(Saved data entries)
Lemma piecewise_act_controlled g U :
  piecewise_coarse U -> piecewise_coarse (rimage (act X g) U).
Proof.
intros [V [n [HV K]]]; exists (rimage (act X g) V), n; split.
- apply act_controlled, HV.
- intros x' y' [x [y [h [<- <-]]]]; apply (piece_rel_pow_act g V); [| apply K, h].
  intros a b hab; exists a, b; auto.
Qed.

Lemma piecewise_inv_cofinal U : piecewise_coarse U ->
  exists V, piecewise_coarse V /\ invariant_rel (act X) V /\ rsub U V.
Proof.
intros [V [n [HV K]]]; destruct (inv_cofinal HV) as [W [HW [IW SW]]].
exists (rel_pow (piece_rel W) n); split; [| split].
- exists W, n; split; [exact HW | intros x y h; exact h].
- intros g; apply piece_rel_pow_act, IW.
- intros x y h; eapply rel_pow_mono; [apply piece_rel_mono, SW | apply K, h].
Qed.

Definition piecewiseGBC : GBC G := {|
  car := car X; act := act X; coarse := piecewise_coarse; born := born X;
  coarse_ax := piecewise_coarse_ax; born_ax := @born_ax G X;
  compat := fun U P HU => compat (piecewise_coarse_coarse _ HU);
  act_one := @act_one G X; act_mul := @act_mul G X;
  act_controlled := piecewise_act_controlled; act_proper := @act_proper G X;
  inv_cofinal := piecewise_inv_cofinal |}.

Lemma incl_piecewise_mor (C : X -> Prop) (HC : invariant_set C) :
  (forall x, C x -> A x) \/ (forall x, C x -> B x) ->
  is_mor (X := subGBC HC) (Y := piecewiseGBC) (fun p => proj1_sig p).
Proof.
intros HCAB; split; [| split].
- intros g p; reflexivity.
- intros U [V [HV K]]; exists V, 1; split; [exact HV |].
  intros x y [p [q [h [<- <-]]]]; apply rel_pow1; right.
  destruct HCAB as [HCin|HCin]; [left | right];
    (split; [apply K, h | split; apply HCin, proj2_sig]).
- intros P HP; exists P; split; [exact HP | intros p h; exact h].
Qed.

Lemma piecewise_coarse_of_pushout (HAB : invariant_set (cap A B))
  (Hcov : forall x, A x \/ B x) (Hpo : is_pushout HA HB HAB) U :
  coarse X U -> piecewise_coarse U.
Proof.
intros HU.
destruct (Hpo piecewiseGBC _ _ (incl_piecewise_mor _ HA (or_introl (fun x h => h)))
                               (incl_piecewise_mor _ HB (or_intror (fun x h => h)))
                               (fun p => eq_refl))
  as [h [[_ [h_controlled _]] [hA [hB _]]]].
assert (h_id : forall x, h x = x).
{ intros x; destruct (Hcov x) as [a|b]; [exact (hA (exist _ x a)) | exact (hB (exist _ x b))]. }
apply (cs_sub piecewise_coarse_ax) with (rimage h U); [| exact (h_controlled U HU)].
intros x y hxy; exists x, y; rewrite !h_id; auto.
Qed.

Lemma piece_rel_pow_cross V n a b :
  rel_pow (piece_rel V) n a b -> A a -> B b ->
  exists c, cap A B c /\ rel_pow (runion (@diag X) V) n a c.
Proof.
revert a; induction n as [|n IH]; intros a h ha hb.
- exists b; rewrite h in ha |- *; split; [split; assumption | reflexivity].
- destruct h as [y [[e|[[hV [_ hy]]|[_ [hBa _]]]] h]].
  + rewrite <- e in h; destruct (IH a h ha hb) as [c [hc hac]].
    exists c; split; [exact hc |]; exists a; split; [left; reflexivity | exact hac].
  + destruct (IH y h hy hb) as [c [hc hyc]].
    exists c; split; [exact hc |]; exists y; split; [right; exact hV | exact hyc].
  + exists a; split; [split; assumption |].
    apply rel_pow_refl; [apply rsub_runion_l | reflexivity].
Qed.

Exercise -> Would you copy each line of the records that contains "right"?

Response box ->
  intros x y [p [q [h [<- <-]]]]; apply rel_pow1; right.
  destruct HCAB as [HCin|HCin]; [left | right];
    exists c; split; [exact hc |]; exists y; split; [right; exact hV | exact hyc].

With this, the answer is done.